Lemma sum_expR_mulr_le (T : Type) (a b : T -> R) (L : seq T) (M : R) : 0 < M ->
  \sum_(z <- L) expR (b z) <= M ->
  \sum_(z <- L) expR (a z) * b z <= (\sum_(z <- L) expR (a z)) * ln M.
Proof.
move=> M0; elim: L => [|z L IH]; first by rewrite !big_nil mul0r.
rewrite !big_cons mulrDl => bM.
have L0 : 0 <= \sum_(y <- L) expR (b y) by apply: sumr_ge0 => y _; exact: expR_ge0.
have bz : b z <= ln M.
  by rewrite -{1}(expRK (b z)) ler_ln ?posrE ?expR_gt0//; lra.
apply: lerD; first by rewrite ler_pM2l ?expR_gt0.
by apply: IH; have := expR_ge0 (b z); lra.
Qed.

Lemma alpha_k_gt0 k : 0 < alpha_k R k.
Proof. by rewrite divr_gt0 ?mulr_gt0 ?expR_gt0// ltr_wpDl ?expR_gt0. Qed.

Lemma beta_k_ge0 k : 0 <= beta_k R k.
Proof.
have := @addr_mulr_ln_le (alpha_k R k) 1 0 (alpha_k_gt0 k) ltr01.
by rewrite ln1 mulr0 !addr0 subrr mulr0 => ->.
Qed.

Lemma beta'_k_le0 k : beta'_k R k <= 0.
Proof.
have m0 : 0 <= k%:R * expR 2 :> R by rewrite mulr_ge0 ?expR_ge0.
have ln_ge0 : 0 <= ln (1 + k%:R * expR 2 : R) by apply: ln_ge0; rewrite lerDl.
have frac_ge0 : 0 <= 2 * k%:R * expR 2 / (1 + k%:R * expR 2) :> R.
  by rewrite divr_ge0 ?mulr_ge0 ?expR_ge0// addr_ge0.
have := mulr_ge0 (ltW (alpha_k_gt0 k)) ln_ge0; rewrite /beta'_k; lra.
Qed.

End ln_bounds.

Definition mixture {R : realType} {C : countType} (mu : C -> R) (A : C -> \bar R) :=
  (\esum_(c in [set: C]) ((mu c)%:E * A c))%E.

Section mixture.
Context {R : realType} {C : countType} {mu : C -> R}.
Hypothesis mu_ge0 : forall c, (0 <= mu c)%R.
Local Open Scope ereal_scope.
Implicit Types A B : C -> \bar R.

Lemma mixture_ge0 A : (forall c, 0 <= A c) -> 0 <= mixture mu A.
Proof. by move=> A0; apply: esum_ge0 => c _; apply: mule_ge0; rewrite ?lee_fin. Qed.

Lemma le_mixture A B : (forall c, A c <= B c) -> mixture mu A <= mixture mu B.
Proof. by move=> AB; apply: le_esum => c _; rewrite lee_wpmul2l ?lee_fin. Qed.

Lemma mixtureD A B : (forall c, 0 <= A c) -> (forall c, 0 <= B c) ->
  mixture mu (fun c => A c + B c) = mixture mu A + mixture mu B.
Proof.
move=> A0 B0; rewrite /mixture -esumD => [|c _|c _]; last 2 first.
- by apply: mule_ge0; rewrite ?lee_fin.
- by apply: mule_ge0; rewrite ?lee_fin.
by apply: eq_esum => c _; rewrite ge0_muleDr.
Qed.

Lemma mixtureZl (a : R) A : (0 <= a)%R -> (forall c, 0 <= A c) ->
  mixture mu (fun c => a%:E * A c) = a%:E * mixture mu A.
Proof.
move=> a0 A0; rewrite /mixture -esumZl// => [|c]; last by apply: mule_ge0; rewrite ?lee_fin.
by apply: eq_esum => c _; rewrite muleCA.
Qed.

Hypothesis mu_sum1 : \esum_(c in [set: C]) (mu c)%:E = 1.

# What you should do
A full, exact copy of the entries is required. Return it.

# Task answer
Lemma sum_expR_mulr_le (T : Type) (a b : T -> R) (L : seq T) (M : R) : 0 < M ->
  \sum_(z <- L) expR (b z) <= M ->
  \sum_(z <- L) expR (a z) * b z <= (\sum_(z <- L) expR (a z)) * ln M.
Proof.
move=> M0; elim: L => [|z L IH]; first by rewrite !big_nil mul0r.
rewrite !big_cons mulrDl => bM.
have L0 : 0 <= \sum_(y <- L) expR (b y) by apply: sumr_ge0 => y _; exact: expR_ge0.
have bz : b z <= ln M.
  by rewrite -{1}(expRK (b z)) ler_ln ?posrE ?expR_gt0//; lra.
apply: lerD; first by rewrite ler_pM2l ?expR_gt0.
by apply: IH; have := expR_ge0 (b z); lra.
Qed.

Lemma alpha_k_gt0 k : 0 < alpha_k R k.
Proof. by rewrite divr_gt0 ?mulr_gt0 ?expR_gt0// ltr_wpDl ?expR_gt0. Qed.

Lemma beta_k_ge0 k : 0 <= beta_k R k.
Proof.
have := @addr_mulr_ln_le (alpha_k R k) 1 0 (alpha_k_gt0 k) ltr01.
by rewrite ln1 mulr0 !addr0 subrr mulr0 => ->.
Qed.

Lemma beta'_k_le0 k : beta'_k R k <= 0.
Proof.
have m0 : 0 <= k%:R * expR 2 :> R by rewrite mulr_ge0 ?expR_ge0.
have ln_ge0 : 0 <= ln (1 + k%:R * expR 2 : R) by apply: ln_ge0; rewrite lerDl.
have frac_ge0 : 0 <= 2 * k%:R * expR 2 / (1 + k%:R * expR 2) :> R.
  by rewrite divr_ge0 ?mulr_ge0 ?expR_ge0// addr_ge0.
have := mulr_ge0 (ltW (alpha_k_gt0 k)) ln_ge0; rewrite /beta'_k; lra.
Qed.

End ln_bounds.

Definition mixture {R : realType} {C : countType} (mu : C -> R) (A : C -> \bar R) :=
  (\esum_(c in [set: C]) ((mu c)%:E * A c))%E.

Section mixture.
Context {R : realType} {C : countType} {mu : C -> R}.
Hypothesis mu_ge0 : forall c, (0 <= mu c)%R.
Local Open Scope ereal_scope.
Implicit Types A B : C -> \bar R.

Lemma mixture_ge0 A : (forall c, 0 <= A c) -> 0 <= mixture mu A.
Proof. by move=> A0; apply: esum_ge0 => c _; apply: mule_ge0; rewrite ?lee_fin. Qed.

Lemma le_mixture A B : (forall c, A c <= B c) -> mixture mu A <= mixture mu B.
Proof. by move=> AB; apply: le_esum => c _; rewrite lee_wpmul2l ?lee_fin. Qed.

Lemma mixtureD A B : (forall c, 0 <= A c) -> (forall c, 0 <= B c) ->
  mixture mu (fun c => A c + B c) = mixture mu A + mixture mu B.
Proof.
move=> A0 B0; rewrite /mixture -esumD => [|c _|c _]; last 2 first.
- by apply: mule_ge0; rewrite ?lee_fin.
- by apply: mule_ge0; rewrite ?lee_fin.
by apply: eq_esum => c _; rewrite ge0_muleDr.
Qed.

Lemma mixtureZl (a : R) A : (0 <= a)%R -> (forall c, 0 <= A c) ->
  mixture mu (fun c => a%:E * A c) = a%:E * mixture mu A.
Proof.
move=> a0 A0; rewrite /mixture -esumZl// => [|c]; last by apply: mule_ge0; rewrite ?lee_fin.
by apply: eq_esum => c _; rewrite muleCA.
Qed.

Hypothesis mu_sum1 : \esum_(c in [set: C]) (mu c)%:E = 1.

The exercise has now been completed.